A 6.1 x 9.1 m (20 x 30 ft) room with concrete block walls was used for distribution of process gases to clean room areas. Silane cylinders were located in 12-gauge metal gas cabinets. The ventilation system for the cabinets was in the process of being upgraded and the cabinets were protected by automatic sprinklers.
The silane cylinder involved was installed about 30 minutes prior to the incident. Employees in the area heard a loud "pop" from the process gas distribution room. Upon investigation, they found the windows of the cabinet broken, the doors open, and fire coming from the cylinder valve. The sprinkler activated properly and confined the fire to the cylinder head.
The escaping silane was caused by an improper connection of the cylinder to the distribution piping. There was evidence that the connection was cross-threaded, allowing the leakage.
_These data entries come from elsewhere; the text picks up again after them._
Lemma Derive3_sub_const a q x :
  ex_derive3 a x -> Derive3 (fun t => vsub (a t) q) x = Derive3 a x.
Proof.
  intros [A1 [A2 A3]]. unfold Derive3. f_equal; [f_equal |].
  - exact (Derive_plus_const _ (-1 * c1 q) x A1).
  - exact (Derive_plus_const _ (-1 * c2 q) x A2).
  - exact (Derive_plus_const _ (-1 * c3 q) x A3).
Qed.

Section SmoothVectorFields.

Variable U : R * R -> Prop.
Hypothesis HU : open U.

Lemma smooth3_on_ext A B : (forall u v, U (u, v) -> A u v = B u v) ->
  smooth3_on A U -> smooth3_on B U.
Proof.
  intros E [A1 [A2 A3]]. split; [|split].
  - exact (smooth_on_ext U HU _ _ (fun u v H => f_equal c1 (E u v H)) A1).
  - exact (smooth_on_ext U HU _ _ (fun u v H => f_equal c2 (E u v H)) A2).
  - exact (smooth_on_ext U HU _ _ (fun u v H => f_equal c3 (E u v H)) A3).
Qed.

Lemma smooth3_on_Pu A : smooth3_on A U -> smooth3_on (Pu A) U.
Proof. intros [A1 [A2 A3]]. split; [|split]; now apply smooth_on_pu. Qed.

Lemma smooth3_on_Pv A : smooth3_on A U -> smooth3_on (Pv A) U.
Proof. intros [A1 [A2 A3]]. split; [|split]; now apply smooth_on_pv. Qed.

Lemma smooth_on_dot A B : smooth3_on A U -> smooth3_on B U ->
  smooth_on (fun u v => dot (A u v) (B u v)) U.
Proof.
  intros [A1 [A2 A3]] [B1 [B2 B3]]. unfold dot.
  repeat apply smooth_on_plus; auto; apply smooth_on_mult; auto.
Qed.

Lemma smooth3_on_cross A B : smooth3_on A U -> smooth3_on B U ->
  smooth3_on (fun u v => cross (A u v) (B u v)) U.
Proof.
  intros [A1 [A2 A3]] [B1 [B2 B3]].
  split; [|split]; apply smooth_on_minus; auto; apply smooth_on_mult; auto.
Qed.

Lemma smooth3_on_vscal g A : smooth_on g U -> smooth3_on A U ->
  smooth3_on (fun u v => vscal (g u v) (A u v)) U.
Proof. intros Hg [A1 [A2 A3]]. split; [|split]; now apply smooth_on_mult. Qed.

Lemma smooth3_on_vsub A B : smooth3_on A U -> smooth3_on B U ->
  smooth3_on (fun u v => vsub (A u v) (B u v)) U.
Proof.
  intros [A1 [A2 A3]] [B1 [B2 B3]].
  split; [|split]; apply smooth_on_plus; auto; apply smooth_on_mult; auto using smooth_on_const.
Qed.

Lemma smooth3_on_const q : smooth3_on (fun _ _ => q) U.
Proof. unfold smooth3_on. split; [|split]; apply smooth_on_const, HU. Qed.

Lemma smooth3_on_ex_derive3_u A u v : smooth3_on A U -> U (u, v) ->
  ex_derive3 (fun t => A t v) u.
Proof.
  intros [A1 [A2 A3]] H. split; [|split].
  - exact (smooth_on_ex_derive_u U _ u v A1 H).
  - exact (smooth_on_ex_derive_u U _ u v A2 H).
  - exact (smooth_on_ex_derive_u U _ u v A3 H).
Qed.

Lemma smooth3_on_ex_derive3_v A u v : smooth3_on A U -> U (u, v) ->
  ex_derive3 (fun t => A u t) v.
Proof.
  intros [A1 [A2 A3]] H. split; [|split].
  - exact (smooth_on_ex_derive_v U _ u v A1 H).
  - exact (smooth_on_ex_derive_v U _ u v A2 H).
  - exact (smooth_on_ex_derive_v U _ u v A3 H).
Qed.

Lemma pu_dot A B u v : smooth3_on A U -> smooth3_on B U -> U (u, v) ->
  pu (fun a b => dot (A a b) (B a b)) u v = dot (Pu A u v) (B u v) + dot (A u v) (Pu B u v).
Proof.
  intros HA HB H.
  exact (Derive_dot (fun t => A t v) (fun t => B t v) u
           (smooth3_on_ex_derive3_u A u v HA H) (smooth3_on_ex_derive3_u B u v HB H)).
Qed.

Lemma pv_dot A B u v : smooth3_on A U -> smooth3_on B U -> U (u, v) ->
  pv (fun a b => dot (A a b) (B a b)) u v = dot (Pv A u v) (B u v) + dot (A u v) (Pv B u v).
Proof.
  intros HA HB H.
  exact (Derive_dot (fun t => A u t) (fun t => B u t) v
           (smooth3_on_ex_derive3_v A u v HA H) (smooth3_on_ex_derive3_v B u v HB H)).
Qed.

Lemma Pu_vsub_const A q u v : smooth3_on A U -> U (u, v) ->
  Pu (fun a b => vsub (A a b) q) u v = Pu A u v.
Proof.
  intros HA H.
  exact (Derive3_sub_const (fun t => A t v) q u (smooth3_on_ex_derive3_u A u v HA H)).
Qed.

Lemma Pv_vsub_const A q u v : smooth3_on A U -> U (u, v) ->
  Pv (fun a b => vsub (A a b) q) u v = Pv A u v.
Proof.
  intros HA H.
  exact (Derive3_sub_const (fun t => A u t) q v (smooth3_on_ex_derive3_v A u v HA H)).
Qed.

Lemma pu_dot_const_on A B k u v : smooth3_on A U -> smooth3_on B U ->
  eq_on U (fun a b => dot (A a b) (B a b)) (fun _ _ => k) -> U (u, v) ->
  dot (Pu A u v) (B u v) + dot (A u v) (Pu B u v) = 0.
Proof.
  intros HA HB E H. rewrite <- pu_dot by assumption.
  rewrite (pu_ext_on U HU _ _ u v E H). exact (Derive_const k u).
Qed.

Lemma pv_dot_const_on A B k u v : smooth3_on A U -> smooth3_on B U ->
  eq_on U (fun a b => dot (A a b) (B a b)) (fun _ _ => k) -> U (u, v) ->
  dot (Pv A u v) (B u v) + dot (A u v) (Pv B u v) = 0.
Proof.
  intros HA HB E H. rewrite <- pv_dot by assumption.
  rewrite (pv_ext_on U HU _ _ u v E H). exact (Derive_const k v).
Qed.

Lemma Pu_Pv_comm A u v : smooth3_on A U -> U (u, v) -> Pu (Pv A) u v = Pv (Pu A) u v.
Proof.
  intros [A1 [A2 A3]] H. unfold Pu at 1, Pv at 2.
  change ((pu (pv (fun a b => c1 (A a b))) u v, pu (pv (fun a b => c2 (A a b))) u v,
           pu (pv (fun a b => c3 (A a b))) u v) =
          (pv (pu (fun a b => c1 (A a b))) u v, pv (pu (fun a b => c2 (A a b))) u v,
           pv (pu (fun a b => c3 (A a b))) u v)).
  now rewrite (smooth_on_schwarz U HU _ u v A1 H), (smooth_on_schwarz U HU _ u v A2 H),
    (smooth_on_schwarz U HU _ u v A3 H).
Qed.

End SmoothVectorFields.

(** * First-order jets *)

Definition jet1_scaled (k : R) (g h : R -> R -> R) (u v : R) : Prop :=
  g u v = k * h u v /\ pu g u v = k * pu h u v /\ pv g u v = k * pv h u v.

Lemma jet1_scaled_comp k1 k2 g h w u v :
  jet1_scaled k1 g h u v -> jet1_scaled k2 h w u v -> jet1_scaled (k1 * k2) g w u v.
Proof.
  intros [E0 [Eu Ev]] [F0 [Fu Fv]]. unfold jet1_scaled.
  rewrite E0, Eu, Ev, F0, Fu, Fv. split; [|split]; ring.
Qed.

Lemma jet1_scaled_ext U k g g' h u v : open U -> eq_on U g' g -> U (u, v) ->
  jet1_scaled k g h u v -> jet1_scaled k g' h u v.
Proof.
  intros HU E H [E0 [Eu Ev]]. split; [|split].
  - now rewrite (E u v H).
  - now rewrite (pu_ext_on U HU g' g u v E H).
  - now rewrite (pv_ext_on U HU g' g u v E H).
Qed.

Lemma jet1_scaled_mul_root U g r u v : smooth_on g U -> smooth_on r U -> U (u, v) ->
  g u v = 0 -> jet1_scaled (r u v) (fun a b => g a b * r a b) g u v.
Proof.
  intros Hg Hr H Hg0. split; [|split].
  - ring.
  - unfold pu. rewrite (Derive_mult (fun t => g t v) (fun t => r t v))
      by first [exact (smooth_on_ex_derive_u U g u v Hg H)
               | exact (smooth_on_ex_derive_u U r u v Hr H)].
    rewrite Hg0. ring.
  - unfold pv. rewrite (Derive_mult (fun t => g u t) (fun t => r u t))
      by first [exact (smooth_on_ex_derive_v U g u v Hg H)
               | exact (smooth_on_ex_derive_v U r u v Hr H)].
    rewrite Hg0. ring.
Qed.

Lemma umbilic_contact_jet U (f xi X : R -> R -> V3) u0 v0 lam :
  open U -> smooth3_on f U -> smooth3_on xi U -> smooth3_on X U -> U (u0, v0) -> lam <> 0 ->
  Pu xi u0 v0 = vscal (- lam) (Pu f u0 v0) -> Pv xi u0 v0 = vscal (- lam) (Pv f u0 v0) ->
  jet1_scaled (- / lam)
    (fun a b => dot (X a b) (vsub (f a b) (vadd (f u0 v0) (vscal (/ lam) (xi u0 v0)))))
    (fun a b => dot (X a b) (xi a b)) u0 v0.
Proof.
  intros HU Hf Hxi HX H0 Hlam Hu Hv.
  set (q := vadd (f u0 v0) (vscal (/ lam) (xi u0 v0))).
  assert (Hfq : smooth3_on (fun a b => vsub (f a b) q) U).
  { exact (smooth3_on_vsub U HU f (fun _ _ => q) Hf (smooth3_on_const U HU q)). }
  assert (Hq : forall Y, dot Y (vsub (f u0 v0) q) = - / lam * dot Y (xi u0 v0)).
  { intros Y. apply dot_vsub_vadd. }
  split; [|split].
  - apply Hq.
  - rewrite (pu_dot U X _ u0 v0 HX Hfq H0), (pu_dot U X xi u0 v0 HX Hxi H0),
      (Pu_vsub_const U f q u0 v0 Hf H0), Hq, Hu, dot_vscal_r.
    field. exact Hlam.
  - rewrite (pv_dot U X _ u0 v0 HX Hfq H0), (pv_dot U X xi u0 v0 HX Hxi H0),
      (Pv_vsub_const U f q u0 v0 Hf H0), Hq, Hv, dot_vscal_r.
    field. exact Hlam.
Qed.

(** * The co-normal map and the support function *)

Lemma smooth3_on_conormal (U : R * R -> Prop) (f xi nu : R -> R -> V3) : open U ->
  smooth3_on f U -> smooth3_on xi U ->
  (forall u v, U (u, v) -> det3 (Pu f u v) (Pv f u v) (xi u v) <> 0) ->
  (forall u v, U (u, v) ->
     dot (nu u v) (Pu f u v) = 0 /\ dot (nu u v) (Pv f u v) = 0 /\ dot (nu u v) (xi u v) = 1) ->
  smooth3_on nu U.
Proof.
  intros HU Hf Hxi Hdet Hnu.
  assert (Hfu := smooth3_on_Pu U f Hf). assert (Hfv := smooth3_on_Pv U f Hf).
  apply (smooth3_on_ext U HU (fun a b =>
           vscal (/ det3 (Pu f a b) (Pv f a b) (xi a b)) (cross (Pu f a b) (Pv f a b)))).
  - intros u v H. destruct (Hnu u v H) as [N1 [N2 N3]].
    symmetry. apply dual_vector_eq_cross; auto.
  - apply smooth3_on_vscal; [exact HU | | exact (smooth3_on_cross U HU _ _ Hfu Hfv)].
    apply smooth_on_inv; [exact HU | | exact Hdet].
    exact (smooth_on_dot U HU _ (fun a b => cross (Pv f a b) (xi a b)) Hfu
             (smooth3_on_cross U HU _ _ Hfv Hxi)).
Qed.

Definition support_function (nu f : R -> R -> V3) (q : V3) : R -> R -> R :=
  fun u v => dot (nu u v) (vsub (f u v) q).

Section Conormal.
The flow of silane could not be shut off because of damage to the cylinder manifold connections. The fire continued to burn for about 8-1/2 hours until all silane in the cylinder had been consumed.
In 1992, a DOE site experienced a coal fire initiated by spontaneous combustion. Because of the nature of the fire and initial ineffectiveness of the means used to fight it, the fire required more than 28 hours to completely extinguish from the time a hot spot was first detected in a coal bunker. The initial strategy involved trying to remove coal from the bunker by feeding it more rapidly to the boiler and by using a drag chain to move more of it to the field. The drag chain failed in 30 minutes, however. Subsequent efforts to control the fire with carbon dioxide applied through inspection ports at the bottom of the bunker and from the tripper (switchgear) room high above the bunker were ineffective, and may have worsened the situation. The drag chain emptying coal from the bunker worked intermittently after being repaired, and finally stopped. Boiler plant personnel then began to remove burning coal by hand shovel.
Twenty-one hours after the fire was discovered, it had involved a large amount of the bunker. At one point, flames appeared at the tripper room windows, which were approximately 75 feet above the seat of the hot spots. A strong concern for a steam explosion delayed the application of water, but the decision was finally made to use water, which was applied without incident and eventually ended the fire.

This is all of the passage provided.